Mumford uses a tool he calls the four As: awareness, acceptance, compassionate action and assessment. 

He said the four As can be helpful for anyone facing a challenging situation.

Take the Oilers: to win, they need to get the puck closer to the net — and they can expect to take a few hits to get there. 

The first A is awareness. 

“When I go in there, I got to expect to get hit and be ready for it, but be able to embrace it and do something with it,” said Mumford. 

A hockey player shoots as an opposing player slides in an attempt to block.
By using mindfulness, athletes can continue to mentally reset moment by moment during competition, says psychologist Whitney Sedgwick. (Michael Laughlin/The Associated Press)

Next is acceptance. When you try to avoid or deny an uncomfortable experience — whether it be a cross-check or a cranky toddler — you can’t execute, he said. 

“The acceptance is really challenging … because it’s unpleasant. It hurts. But it’s only by saying yes to it, embracing it, that you can get to the third A.”

Action.
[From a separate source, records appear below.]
Lemma sum_diffop_conv2 (S : {set I}) (p : I -> nat -> nat -> W) (c : K) :
  (forall n m, \sum_(i in S) conv2 (h i) (hb i) (p i) n m = 0) ->
  forall n m, \sum_(i in S) conv2 (h i) (hb i) (diffop (c - h i) (p i)) n m = 0.
Proof.
move=> sum0 n m; under eq_bigr do rewrite -diffop_conv2.
by rewrite /diffop /diffop1 big_split sumrB -!scaler_sumr /= !sum0 !scaler0 subrr addr0.
Qed.

Lemma sum_diffop_prod_conv2 (S : {set I}) (p : I -> nat -> nat -> W) (c : K) (B : nat) :
  (forall n m, \sum_(i in S) conv2 (h i) (hb i) (p i) n m = 0) ->
  forall n m, \sum_(i in S) conv2 (h i) (hb i) (diffop_prod (c - h i) B (p i)) n m = 0.
Proof.
elim: B p => // B IH p sum0 /=; apply: IH => n m.
rewrite -[RHS](sum_diffop_conv2 (c + B%:R) sum0 n m).
by apply: eq_bigr => i _; rewrite addrAC.
Qed.

(* For [c] below the class of [h r] modulo the integers and [B] large,
   [diffop_prod (c - h i) B] annihilates every member of that class and is
   injective on all the other members. *)
Lemma drop_class (S : {set I}) (p : I -> nat -> nat -> W) (r : I) :
  {in S, forall i, fin_supp (p i)} ->
  (forall n m, \sum_(i in S) conv2 (h i) (hb i) (p i) n m = 0) ->
  exists q : I -> nat -> nat -> W,
    [/\ {in S, forall i, fin_supp (q i)},
        forall n m, \sum_(i in [set i in S | ~~ is_int (h i - h r)])
                      conv2 (h i) (hb i) (q i) n m = 0 &
        {in S, forall i, ~~ is_int (h i - h r) ->
           (forall n m, q i n m = 0) -> forall n m, p i n m = 0}].
Proof.
move=> supp sum0.
have [M /(_ M (leqnn M)) window] : eventually (fun M => forall i, is_int (h i - h r) ->
    exists2 w : nat, (w <= M.*2)%N & h i = h r - M%:R + w%:R).
  apply: eventually_forall => i.
  have [/is_intP[z hz]|_] := boolP (is_int (h i - h r)); last by exists 0%N.
  have [M0 win] := int_window z; exists M0 => M /win[w le_w ez] _.
  by exists w => //; rewrite -[h i](subrK (h r)) hz ez; ring.
have [N /(_ N (leqnn N)) rows] :
    eventually (fun N => {in S, forall i n, (N <= n)%N -> forall m, p i n m = 0}).
  apply: eventually_forall => i.
  have [/supp[[N0 rows0] _]|iS] := boolP (i \in S); last by exists 0%N => ? _ /negP.
  by exists N0 => N le_N _ n le_n; apply: rows0; apply: leq_trans le_n.
exists (fun i => diffop_prod (h r - M%:R - h i) (N + M.*2) (p i)); split.
- by move=> i iS; apply/fin_supp_diffop_prod/supp.
- move=> n m; rewrite -[RHS](sum_diffop_prod_conv2 (h r - M%:R) (N + M.*2) sum0 n m).
  rewrite [RHS](bigID (fun i => is_int (h i - h r))) /= [X in _ = X + _]big1 ?add0r.
    by apply: eq_bigl => i; rewrite inE.
  move=> i /andP[iS /(window i)[w le_w ->]].
  rewrite (_ : h r - M%:R - _ = - w%:R); last by ring.
  apply: conv2_0; apply: diffop_prod_eq0 => k le_k; apply: rows => //.
  by apply: leq_trans le_k; lia.
- move=> i iS i_nint; apply: diffop_prod_inj; last by have [] := supp i iS.
  apply: contra i_nint => /(is_intB (is_int_nat 0)) /is_intB /(_ (is_int_nat M)).
  by rewrite (_ : _ - _ = h i - h r) //; ring.
Qed.

End Family.

Lemma sum_conv2_eq0_in (I : finType) (S : {set I}) (h hb : I -> K)
    (p : I -> nat -> nat -> W) :
  {in S &, forall i j, i != j -> ~~ is_int (h i - h j) || ~~ is_int (hb i - hb j)} ->
  {in S, forall i, fin_supp (p i)} ->
  (forall n m, \sum_(i in S) conv2 (h i) (hb i) (p i) n m = 0) ->
  {in S, forall i n m, p i n m = 0}.
Proof.
move: {2}#|S|.+1 (ltnSn #|S|) => bound; elim: bound S h hb p => // bound IH S h hb p.
rewrite ltnS => lt_S apart supp sum0 r rS.
have IHr (T : {set I}) (h' hb' : I -> K) (q : I -> nat -> nat -> W) :
    T \subset S -> r \notin T ->
    {in S &, forall i j, i != j -> ~~ is_int (h' i - h' j) || ~~ is_int (hb' i - hb' j)} ->
    {in T, forall i, fin_supp (q i)} ->
    (forall n m, \sum_(i in T) conv2 (h' i) (hb' i) (q i) n m = 0) ->
    {in T, forall i n m, q i n m = 0}.
  move=> sub_TS rT apart' suppq sumq; apply: IH suppq sumq.
    by apply: leq_trans _ lt_S; apply/proper_card/properP; split=> //; exists r.
  by apply: (sub_in2 _ apart'); apply/subsetP.
have [q [qsupp qsum qinj]] := drop_class r supp sum0.
have off_class : {in S, forall j, ~~ is_int (h j - h r) -> forall n m, p j n m = 0}.
  move=> j jS j_nint; apply: qinj => //; apply: (IHr _ h hb q _ _ apart _ qsum).
  - by apply/subsetP => i; rewrite inE => /andP[].
  - by rewrite inE subrr is_int0 andbF.
  - by move=> i; rewrite inE => /andP[iS _]; apply: qsupp.
  - by rewrite inE jS.
pose C := [set i in S | is_int (h i - h r)].
have sumC n m : \sum_(i in C) conv2 (h i) (hb i) (p i) n m = 0.
  rewrite -[RHS](sum0 n m) [RHS](bigID (fun i => is_int (h i - h r))) /=.
  rewrite [X in _ = _ + X]big1 ?addr0; first by apply: eq_bigl => i; rewrite inE.
  by move=> i /andP[iS i_nint]; apply: conv2_0; apply: off_class.
have rC : r \in C by rewrite inE rS subrr is_int0.
have suppT : {in C, forall i, fin_supp (fun m n => p i n m)}.
  by move=> i; rewrite inE => /andP[/supp[]].
have sumT m n : \sum_(i in C) conv2 (hb i) (h i) (fun m n => p i n m) m n = 0.
  by rewrite -[RHS](sumC n m); apply: eq_bigr => i _; rewrite conv2_transpose.
have [q' [q'supp q'sum q'inj]] := drop_class r suppT sumT.
have in_class : {in C, forall j, j != r -> forall n m, p j n m = 0}.
  move=> j jC jr; move: (jC); rewrite inE => /andP[jS j_int].
  have hb_nint : ~~ is_int (hb j - hb r) by move: (apart j r jS rS jr); rewrite j_int.
  move=> n m; apply: (q'inj j jC hb_nint) => {}m {}n.
  apply: (IHr _ hb h q' _ _ _ _ q'sum).
  - by apply/subsetP => i; rewrite !inE => /andP[/andP[]].
  - by rewrite inE subrr is_int0 andbF.
  - by move=> i k iS kS ik; rewrite orbC apart.
  - by move=> i; rewrite inE => /andP[iC _]; apply: q'supp.
  - by rewrite inE jC hb_nint.
apply: (@conv2_eq0 (h r) (hb r)) => n m.
rewrite -[RHS](sumC n m) (bigD1 r rC) /= [X in _ = _ + X]big1 ?addr0 //.
by move=> j /andP[jC jr]; apply: conv2_0; apply: in_class.
Qed.

Lemma sum_conv2_eq0 (I : finType) (h hb : I -> K) (p : I -> nat -> nat -> W) :
  (forall i j, i != j -> ~~ is_int (h i - h j) || ~~ is_int (hb i - hb j)) ->
  (forall i, fin_supp (p i)) ->
  (forall n m, \sum_i conv2 (h i) (hb i) (p i) n m = 0) ->
  forall i n m, p i n m = 0.
Proof.
move=> apart supp sum0 i; apply: (@sum_conv2_eq0_in _ setT) => //.
- by move=> j k _ _; apply: apart.
- by move=> n m; rewrite -[RHS](sum0 n m); apply: eq_bigl => j; rewrite inE.
Qed.

(* A one-variable family is the special case [hb = 0] of a two-variable one,
   the second variable being confined to [m = 0]. *)
Lemma sum_conv_eq0 (I : finType) (h : I -> K) (p : I -> nat -> W) :
  (forall i j, i != j -> ~~ is_int (h i - h j)) ->
  (forall i, eventually (fun n => p i n = 0)) ->
  (forall n, \sum_i conv (sbinom (h i)) (p i) n = 0) ->
  forall i n, p i n = 0.
Proof.
move=> apart supp sum0 i n.
pose p2 i n m := if m is 0 then p i n else 0.
have conv2_p2 j n' m : conv2 (h j) 0 (p2 j) n' m =
    if m is 0 then conv (sbinom (h j)) (p j) n' else 0.
  rewrite /conv2 {1}/conv; under eq_bigr do rewrite conv_sbinom0.
  by case: m => // m; rewrite big1 // => k _; rewrite scaler0.
apply: (@sum_conv2_eq0 _ h (fun=> 0) p2 _ _ _ i n 0).
- by move=> j k jk; rewrite apart.
- move=> j; split; last by exists 1%N => -[|m].
  by have [N pN] := supp j; exists N => n' le_n [|m] //=; apply: pN.
- move=> n' [|m]; under eq_bigr do rewrite conv2_p2; first exact: sum0.
  by rewrite big1.
Qed.

Lemma fsum_fin (u : nat -> W) (N : nat) :
  (forall k, (N <= k)%N -> u k = 0) -> fsum u = \sum_(k < N) u k.
Proof.
move=> u0.
have stable M : (N <= M)%N -> \sum_(k < M) u k = \sum_(k < N) u k.
  move=> le_NM; rewrite -!(big_mkord xpredT) (big_cat_nat (leq0n N) le_NM) /=.
  rewrite [X in _ + X]big1_seq ?addr0 // => k /andP[_].
  by rewrite mem_index_iota => /andP[/u0].
have [N' stable'] := @epsilon_spec _ (inhabits 0) (eventually_stable u)
  (ex_intro _ _ (ex_intro _ N stable)).
by rewrite /fsum -(stable' (maxn N N')) ?leq_maxr // stable // leq_maxl.
Qed.

Lemma sum_In_eq0 (T : Type) (s : seq T) (F : T -> W) :
  (forall t, List.In t s -> F t = 0) -> \sum_(t <- s) F t = 0.
Proof.
elim: s => [|t s IH] F0; first by rewrite big_nil.
by rewrite big_cons F0 ?IH ?addr0 //; [move=> u su; apply: F0; right | left].
Qed.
In the Oilers’ case, this hopefully means trying to score. 

Assessment, the final step, means looking at what you did and how it worked — and what you could change next time, said Mumford. 

He said he’s used the four As to stay sober for the last 40 years. 

“I have to be able to tolerate the discomfort of changing a behaviour or habit,” Mumford said. 

“When you do that, you actually get desensitized to the anxiety and the fear.”

Playing in the moment

When athletes practice mindfulness in their daily lives, said Sedgwick, they can avoid getting caught up in every thought they have during competition. 

They can instead do very quick, sometimes subconscious assessments of how they feel, including sensations of pain or discomfort — but then continue to stay in the game, she said. 

“It’s this dance between an inner check-in and an outer environmental cue to perform on demand and play in the moment.”

Athletes often struggle with self-judgment during a game, Sedgwick added. 

“The clock is stopped and the athlete might start self-flagellating, right? ‘I should have done X, I could have done Y.'”

Taking a long breath in and out will help bring them back to the moment, she said.

From head to toe

Another tool is a mental body scan, said Shaunna Taylor, a performance counsellor who works with athletes and is an adjunct professor at UBC. 

That means mentally scanning each part of your body and observing how it feels, taking note of sensations without judging them. 

Taylor gets both kids and adults to think of themselves as race cars, and a body scan is like checking under the hood. 

“Paying attention to, ‘What’s tight, does something need to feel looser?'” said Taylor. 

“It really enhances their connection with their body.”

Make anything mindful

Observing your external environment is another way to be mindful, said Sedgwick.  

“You could name five things you see in your environment right now that are blue,” she said. 

That takes only a few seconds, but it’s engaging the prefrontal cortex of your brain, which enables you to think more clearly. 

“It’s enough to override, temporarily, that fight, flight or freeze that is going to disrupt performance,” said Sedgwick.  

Even the most routine tasks can become a practice in mindfulness, said Taylor — such as washing the dishes. 

“You’re just feeling the water on your hands, the warmth of it, you’re smelling the soap,” she said. 

“It’s a great way to just set your brain, give your nervous system a break.”